LIVRE : Aventures d'Arthur Gordon Pym (The Narrative of Arthur Gordon Pym of Nantucket) d'Edgar Allan Poe - 1837

aventures_arthur_gordon_pynnBon, d'accord, c'est une oeuvre de jeunesse, c'est super maladroit dans la construction, il y a de longs passages inutiles, d'accord. Il n'empêche que ce bouquin est très souvent sidérant, d'une violence morbide vraiment sans égale dans ce genre de littérature (même Stevenson ou Melville n'auraient pas osé une telle noirceur). Toute la première moitié du roman est une surenchère constante dans l'horreur, et Poe montre déjà sa maîtrise extraordinaire des ambiances fantastico-mortifères.

Le héros est d'abord enfermé dans la cale d'un bateau, dans le noir complet, avec un chien qui devient de plus en plus affamé et enragé : Poe en fait trois chapitres captivants, déclinant toute une palette de noirs et de peur, dans une variation de vocabulaire incroyable (gloire en soit plutôt rendue, d'ailleurs, à l'immense traducteur qu'est Baudelaire, comme un poisson dans l'eau dans cette atmosphère d'une noirceur totale). On est tenus par les c... par ce style hyper-précis, qui nous enfonce de plus en plus dans l'horreur, décrit par le menu toutes les étapes de la terreur. Les chapitres suivants vont continuer dans leur vision apocalyptique : le héros se retrouve abandonné avec trois rescapés sur un bateau privé de voiles, de gouvernail, de mats, bref de tout : un simple bout de bois ballotté par la tempête. La description de la survie de ces hommes abandonnés au sein du cosmos est horrible, Poe les entraînant dans une spirale de déshumanisation sans aucune issue : le sommet du roman, c'est cette description d'un bateau-fantôme croisé par hasard, jonché de cadavres et mené par un pilote mort depuis longtemps, que les mouettes grignotent goulûment. On est loin de la littérature pour enfants habituellement liée au genre du récit de voyage. C'est l'horreur.

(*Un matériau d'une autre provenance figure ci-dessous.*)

Lemma nested_tpath_block N t (s : {set {set 'I_N}}) (B : {set 'I_N}) (x y : 'I_N) :
  nc_uniform N t.+1 s -> B \in s -> x \in B -> y \in B ->
  (forall z, z \in B -> (x <= z <= y)%N) ->
  exists2 i : 'I_N, tpath t i \in s & (x <= i)%N && (i + t <= y)%N.
Proof.
case/and3P => parts ncP /forall_inP sizes.
have ts := partition_trivIset parts.
have [n] := ubnP (y - x); elim: n B x y => // n IHn B x y yx_lt Bs xB yB Bxy.
have /andP [_ xy] := Bxy x xB.
case: (boolP [forall z : 'I_N, (x <= z <= y)%N ==> (z \in B)]) => [/forallP full|].
  have EB : B = tpath (y - x) x.
    apply/setP => z; rewrite inE; apply/idP/idP => [/Bxy|xz]; first lia.
    by apply: (implyP (full z)); lia.
  have yx_t : (y - x = t)%N.
    have yN := ltn_ord y.
    by apply/eqP; rewrite -eqSS -(eqP (sizes B Bs)) EB card_tpath //; lia.
  by exists x; [rewrite -yx_t -EB | lia].
(* Otherwise the block of a point of [x, y] missing from [B] lies strictly inside
   (x, y), and has a smaller hull. *)
case/forallPn => j; rewrite negb_imply => /andP [le_xjy jB].
have lt_xjy : (x < j < y)%N.
  have /andP [le_xj le_jy] := le_xjy.
  rewrite !ltn_neqAle le_xj le_jy !andbT.
  by apply/andP; split; apply: (contraNneq _ jB) => /val_inj; [move=> <- | move=> ->].
have jcov : j \in cover s by rewrite (cover_partition parts) inE.
set B' := pblock s j; have B's : B' \in s := pblock_mem jcov.
have jB' : j \in B' by rewrite mem_pblock.
have nBB' : B != B' by apply: contraNneq jB => ->.
have inner := noncrossing_nested ts ncP Bs B's nBB' xB yB jB' lt_xjy.
have [x' x'B' [y' y'B' B'x'y']] : exists2 x' : 'I_N, x' \in B' &
    exists2 y' : 'I_N, y' \in B' & forall z, z \in B' -> (x' <= z <= y')%N.
  by apply: set_hull; apply/set0Pn; exists j.
have /andP [xx' _] := inner x' x'B'; have /andP [_ y'y] := inner y' y'B'.
have /andP [_ x'y'] := B'x'y' x' x'B'.
have lt_n : (y' - x' < n)%N by clear -yx_lt xx' x'y' y'y; lia.
have [i ti_s /andP [x'i iy']] := IHn B' x' y' lt_n B's x'B' y'B' B'x'y'.
by exists i => //; clear -xx' x'i iy' y'y; lia.
Qed.

Lemma homo_leq_squeeze (g : nat -> nat) a b c : {homo g : m n / (m <= n)%N} ->
  (a <= b <= c)%N -> g a = g c -> g b = g a.
Proof.
move=> g_homo /andP [ab bc] gac; apply/eqP; rewrite eqn_leq (g_homo _ _ ab) andbT gac.
exact: g_homo.
Qed.

(* [g j] is the index of the part containing position [j] (in the application,
   [seg ns]); only the monotonicity of [g] matters. *)
Section Parts.
Variables (N t : nat) (g : nat -> nat).

Definition tpath_in_part (i : 'I_N) : bool := (i + t < N)%N && (g i == g (i + t)).

Definition part_tpath_family (F : {set 'I_N}) : bool :=
  [forall i in F, tpath_in_part i] && tpath_spaced t F.

Definition part_tpath_starts (s : {set {set 'I_N}}) : {set 'I_N} :=
  [set i : 'I_N | tpath_in_part i && (tpath t i \in s)].

Lemma part_tpath_familyW F : part_tpath_family F -> tpath_family t N F.
Proof.
case/andP => /forall_inP F_part spF; apply/andP; split => //.
by apply/forall_inP => i /F_part /andP [].
Qed.

Lemma part_tpath_family_starts (s : {set {set 'I_N}}) (F : {set 'I_N}) :
  trivIset s -> F \subset part_tpath_starts s -> part_tpath_family F.
Proof.
move=> ts /subsetP Fs; apply/andP; split.
  by apply/forall_inP => i /Fs; rewrite inE => /andP [].
apply/tpath_spacedP => i j iF jF ij.
move: (Fs i iF) (Fs j jF); rewrite !inE => /andP [_ ti_s] /andP [_ tj_s].
rewrite ltnNge; apply/negP => jit.
have: tpath t i != tpath t j by rewrite (inj_eq (@tpath_inj N t)) -val_eqE neq_ltn ij.
apply/negP/negPn/eqP/(trivIset_block_eq ts ti_s tj_s _ (tpath_self t j)).
by rewrite inE (ltnW ij) jit.
Qed.

Lemma tpaths_sub_starts (s : {set {set 'I_N}}) (F : {set 'I_N}) : part_tpath_family F ->
  (tpaths t F \subset s) = (F \subset part_tpath_starts s).
Proof.
case/andP => /forall_inP F_part _.
apply/subsetP/subsetP => [Fs i iF|Fs _ /imsetP [i iF ->]].
  by rewrite inE F_part ?Fs ?imset_f.
by move: (Fs i iF); rewrite inE => /andP [].
Qed.

Hypothesis g_homo : {homo g : m n / (m <= n)%N}.

Lemma part_tpath_starts_eq0 (s : {set {set 'I_N}}) : nc_uniform N t.+1 s ->
  (part_tpath_starts s == set0) = [forall B in s, exists x in B, exists y in B, g x != g y].
Proof.
move=> ncs; have /and3P [parts _ _] := ncs.
apply/eqP/forall_inP => [starts0 B Bs|split_s]; last first.
  apply/setP => i; rewrite !inE; apply/negP => /andP [/andP [_ /eqP gi] ti_s].
  have /exists_inP [x xi /exists_inP [y yi]] := split_s _ ti_s; apply/negP; rewrite negbK.
  by rewrite !inE in xi yi; rewrite (homo_leq_squeeze g_homo xi gi) (homo_leq_squeeze g_homo yi gi).
apply: contraT => /exists_inPn gB.
have {}gB x y : x \in B -> y \in B -> g x = g y.
  by move=> xB yB; move/exists_inPn: (gB x xB) => /(_ y yB); rewrite negbK => /eqP.
have [x xB [y yB Bxy]] := set_hull (partition_neq0 parts Bs).
have [i ti_s /andP [xi iy]] := nested_tpath_block ncs Bs xB yB Bxy.
have: i \in part_tpath_starts s.
  have yN := ltn_ord y; rewrite inE ti_s andbT; apply/andP; split; first lia.
  have gx : g x = g y by exact: gB.
  by rewrite (homo_leq_squeeze g_homo _ gx) ?(homo_leq_squeeze g_homo _ gx) //; lia.
by rewrite starts0 inE.
Qed.

End Parts.

Lemma seg_homo ns : {homo seg ns : j k / (j <= k)%N}.
Proof. by move=> j k jk; apply: sub_count => i /= /leq_trans; apply. Qed.

Lemma seg_cons n ns j :
  seg (n :: ns) j = if (j < n)%N then 0%N else (seg ns (j - n)).+1.
Proof.
rewrite /seg /= -add1n iotaDl count_map /= take0 addn0.
case: ltnP => jn.
  by rewrite /= (@eq_in_count _ _ pred0) ?count_pred0 // => i _ /=; apply/negbTE; lia.
by rewrite /= add1n; congr _.+1; apply: eq_count => i /=; rewrite add1n; apply/idP/idP; lia.
Qed.

Section CatSet.
Variables (t n M : nat).

Definition cat_set (F1 : {set 'I_n}) (F2 : {set 'I_M}) : {set 'I_(n + M)} :=
  lshift M @: F1 :|: @rshift n M @: F2.

Definition split_set (F : {set 'I_(n + M)}) : {set 'I_n} * {set 'I_M} :=
  (lshift M @^-1: F, @rshift n M @^-1: F).

Lemma lshift_neq_rshift (i : 'I_n) (j : 'I_M) : lshift M i != rshift n j.
Proof. by rewrite -val_eqE /= neq_ltn (leq_trans (ltn_ord i)) ?leq_addr. Qed.

Lemma mem_cat_set_l F1 F2 (i : 'I_n) : (lshift M i \in cat_set F1 F2) = (i \in F1).
Proof.
rewrite inE mem_imset; last exact: lshift_inj.
by case: (i \in F1) => //=; apply/imsetP => -[j _ /eqP]; rewrite (negbTE (lshift_neq_rshift _ _)).
Qed.

Lemma mem_cat_set_r F1 F2 (j : 'I_M) : (rshift n j \in cat_set F1 F2) = (j \in F2).
Proof.
rewrite inE (mem_imset _ _ (@rshift_inj n M)) orbC.
by case: (j \in F2) => //=; apply/imsetP => -[i _ /eqP]; rewrite eq_sym (negbTE (lshift_neq_rshift _ _)).
Qed.

Lemma cat_setK : cancel (fun p => cat_set p.1 p.2) split_set.
Proof. by case=> F1 F2; congr (_, _); apply/setP => x; rewrite inE ?mem_cat_set_l ?mem_cat_set_r. Qed.

Lemma split_setK : cancel split_set (fun p => cat_set p.1 p.2).
Proof.
move=> F; apply/setP => x; case: (split_ordP x) => [i|j] ->.
  by rewrite mem_cat_set_l inE.
by rewrite mem_cat_set_r inE.
Qed.

Lemma card_cat_set F1 F2 : #|cat_set F1 F2| = (#|F1| + #|F2|)%N.
Proof.
rewrite cardsU (card_imset _ (@lshift_inj n M)) (card_imset _ (@rshift_inj n M)).
suff -> : lshift M @: F1 :&: @rshift n M @: F2 = set0 by rewrite cards0 subn0.
apply/setP => x; rewrite !inE; apply/andP => -[/imsetP [i _ ->] /imsetP [j _ /eqP]].
by rewrite (negbTE (lshift_neq_rshift _ _)).
Qed.

Lemma forall_in_cat_set (P : pred 'I_(n + M)) F1 F2 :
  [forall x in cat_set F1 F2, P x] =
  [forall i in F1, P (lshift M i)] && [forall j in F2, P (rshift n j)].
Proof.
apply/forall_inP/andP => [H|[/forall_inP H1 /forall_inP H2] x].
  by split; apply/forall_inP => i iF; apply: H; rewrite ?mem_cat_set_l ?mem_cat_set_r.
by case: (split_ordP x) => [i|j] ->; rewrite ?mem_cat_set_l ?mem_cat_set_r; [apply: H1|apply: H2].
Qed.

Lemma tpath_spaced_cat (F1 : {set 'I_n}) (F2 : {set 'I_M}) : [forall i in F1, i + t < n]%N ->
  tpath_spaced t (cat_set F1 F2) = tpath_spaced t F1 && tpath_spaced t F2.
Proof.
move=> /forall_inP F1_bound.
apply/tpath_spacedP/andP => [sp|[/tpath_spacedP sp1 /tpath_spacedP sp2] x y].
  split; apply/tpath_spacedP => i j iF jF ij.
    by apply: (sp (lshift M i) (lshift M j)); rewrite ?mem_cat_set_l.
  by move: (sp (rshift n i) (rshift n j)); rewrite !mem_cat_set_r /= -addnA !ltn_add2l; apply.
case: (split_ordP x) => [i|j] ->; case: (split_ordP y) => [i'|j'] ->;
  rewrite ?mem_cat_set_l ?mem_cat_set_r /= => xF yF.
- exact: sp1.
- by move=> _; apply: leq_trans (F1_bound i xF) (leq_addr _ _).
- by move=> lt; have := ltn_ord i'; lia.
- by rewrite -addnA !ltn_add2l; apply: sp2.
Qed.

End CatSet.

Section SegCat.
Variables (t n : nat) (ns : seq nat).
Let M := sumn ns.

Lemma tpath_in_part_lshift (i : 'I_n) :
  tpath_in_part t (seg (n :: ns)) (lshift M i) = (i + t < n)%N.
Proof.
rewrite /tpath_in_part /= !seg_cons ltn_ord.
by case: (ltnP (i + t) n) => it /=; [rewrite eqxx andbT (leq_trans it) ?leq_addr | rewrite andbF].
Qed.

Lemma tpath_in_part_rshift (j : 'I_M) :
  tpath_in_part t (seg (n :: ns)) (rshift n j) = tpath_in_part t (seg ns) j.
Proof.
rewrite /tpath_in_part /= !seg_cons -addnA !(ltnNge (n + _) n) !leq_addr /=.
by rewrite !addKn eqSS ltn_add2l.
Qed.

Lemma part_tpath_family_cat (F1 : {set 'I_n}) (F2 : {set 'I_M}) :
  part_tpath_family t (seg (n :: ns)) (cat_set F1 F2) =
  tpath_family t n F1 && part_tpath_family t (seg ns) F2.
Proof.
rewrite /part_tpath_family /tpath_family forall_in_cat_set.
rewrite (eq_forallb_in (fun i _ => tpath_in_part_lshift i)).
rewrite (eq_forallb_in (fun j _ => tpath_in_part_rshift j)).
case: (boolP [forall i in F1, i + t < n]%N) => //= F1_bound.
by rewrite tpath_spaced_cat // andbCA.
Qed.

End SegCat.

Local Open Scope ring_scope.

Lemma Lt_widen t (p : {poly int}) K : (size p <= K)%N ->
  Lt t p = \sum_(i < K) p`_i * (mu t i)%:Z.
Proof.
move=> leK; rewrite /Lt (big_ord_widen K (fun i => p`_i * (mu t i)%:Z) leK) big_mkcond /=.
by apply: eq_bigr => i _; case: ltnP => // /(nth_default 0) ->; rewrite mul0r.
Qed.

Lemma LtD t : {morph Lt t : p q / p + q}.
Proof.
move=> p q; pose K := maxn (size p) (size q).
rewrite (@Lt_widen _ (p + q) K) ?size_polyD // (@Lt_widen _ p K) ?leq_maxl //.
rewrite (@Lt_widen _ q K) ?leq_maxr // -big_split /=.
by apply: eq_bigr => i _; rewrite coefD mulrDl.
Qed.

Lemma Lt0 t : Lt t 0 = 0.
Proof. by rewrite /Lt size_poly0 big_ord0. Qed.

Lemma Lt_sum t (I : finType) (P : pred I) (G : I -> {poly int}) :
  Lt t (\sum_(i | P i) G i) = \sum_(i | P i) Lt t (G i).
Proof. exact: (big_morph _ (LtD t) (Lt0 t)). Qed.

Lemma LtZXn t c d : Lt t (c *: 'X^d) = c * (mu t d)%:Z.
Proof.
have size_le : (size (c *: 'X^d) <= d.+1)%N.
  by rewrite (leq_trans (size_scale_leq _ _)) // size_polyXn.
rewrite (Lt_widen t size_le) big_ord_recr /= big1 ?add0r => [|i _].
  by rewrite coefZ coefXn eqxx mulr1.
by rewrite coefZ coefXn (ltn_eqF (ltn_ord i)) mulr0 mul0r.
Qed.

Lemma sum_subset_sign (T : finType) (A : {set T}) :
  \sum_(F : {set T} | F \subset A) (-1) ^+ #|F| = (A == set0)%:R :> int.
Proof.
have [->|[a aA]] := set_0Vmem A.
  rewrite eqxx (eq_bigl (pred1 set0)) => [|F]; last by rewrite subset0.
  by rewrite big_pred1_eq cards0.
have /negbTE -> : A != set0 by apply/set0Pn; exists a.
pose flip (F : {set T}) := if a \in F then F :\ a else a |: F.
have flipK : involutive flip.
  by move=> F; rewrite /flip; case: (boolP (a \in F)) => aF; rewrite ?setD11 ?setD1K ?setU11 ?setU1K.
rewrite (bigID (fun F : {set T} => a \in F)) /= [X in X + _](reindex_inj (inv_inj flipK)) /=.
rewrite [X in X + _](eq_bigl (fun F : {set T} => (F \subset A) && (a \notin F))) => [|F]; last first.
  rewrite /flip; case: (boolP (a \in F)) => aF /=; first by rewrite setD11 !andbF.
  by rewrite setU11 subUset sub1set aA !andbT.
rewrite -big_split big1 // => F /andP [_ aF].
by rewrite /= /flip (negbTE aF) cardsU1 aF exprS mulN1r addNr.
Qed.

Definition chebU_parts t ns : {poly int} :=
  \sum_(F : {set 'I_(sumn ns)} | part_tpath_family t (seg ns) F)
     (-1) ^+ #|F| *: 'X^(sumn ns - t.+1 * #|F|).

Lemma chebU_parts_nil t : chebU_parts t [::] = 1.
Proof.
rewrite /chebU_parts (big_pred1 set0) => [|F]; first by rewrite cards0 scale1r.
rewrite /= (_ : F = set0) ?eqxx; last by apply/setP => -[].
by apply/andP; split; apply/forall_inP => i; rewrite in_set0.
Qed.

Lemma chebU_parts_cons t n ns : chebU t n * chebU_parts t ns = chebU_parts t (n :: ns).
Proof.
rewrite /chebU /chebU_parts big_distrl /=.
under eq_bigr do rewrite big_distrr /=.
rewrite pair_big /= (reindex (fun p => cat_set p.1 p.2)) /=; last first.
  by exists (@split_set n (sumn ns)) => p _; [apply: cat_setK | apply: split_setK].
apply: eq_big => [[F1 F2]|[F1 F2] /andP [tF1 tF2]] /=; first by rewrite part_tpath_family_cat.
rewrite -scalerAl -scalerAr scalerA -!exprD card_cat_set; congr (_ *: 'X^_).
have := tpath_family_size tF1; have := tpath_family_size (part_tpath_familyW tF2).
by rewrite mulnDr; set k1 := (t.+1 * #|F1|)%N; set k2 := (t.+1 * #|F2|)%N; lia.
Qed.

Lemma prod_chebU t ns : \prod_(n <- ns) chebU t n = chebU_parts t ns.
Proof.
elim: ns => [|n ns IHns]; first by rewrite big_nil chebU_parts_nil.
by rewrite big_cons IHns chebU_parts_cons.
Qed.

On est alors d'autant plus déçu par la deuxième moitié du livre, qui abandonne presque complètement cette atmosphère, change de style de façon radicale et nous ennuie un peu : Poe s'y fait minutieux jusqu'à l'excès, et le voyage de Pym devient un récit scientifique certes intéressant, mais dénué de ces pics narratifs de la première partie. Nous est décrite par le menu une exploration du pôle sud, avec longitudes et latitudes au petit poil, et mise à part une attaque de sauvages rigolote, le voyage devient peu passionnant. Jusqu'à, quand même, un final totalement ouvert, très étrange, qui renoue avec le fantastique cher à Poe, et qui laisse sur une touche de mystère métaphysique bienvenu. On a quand même l'impression de deux livres en un : l'un puissamment apocalyptique, l'autre ennuyeux et baclé. Lisez la première moitié, c'est énorme.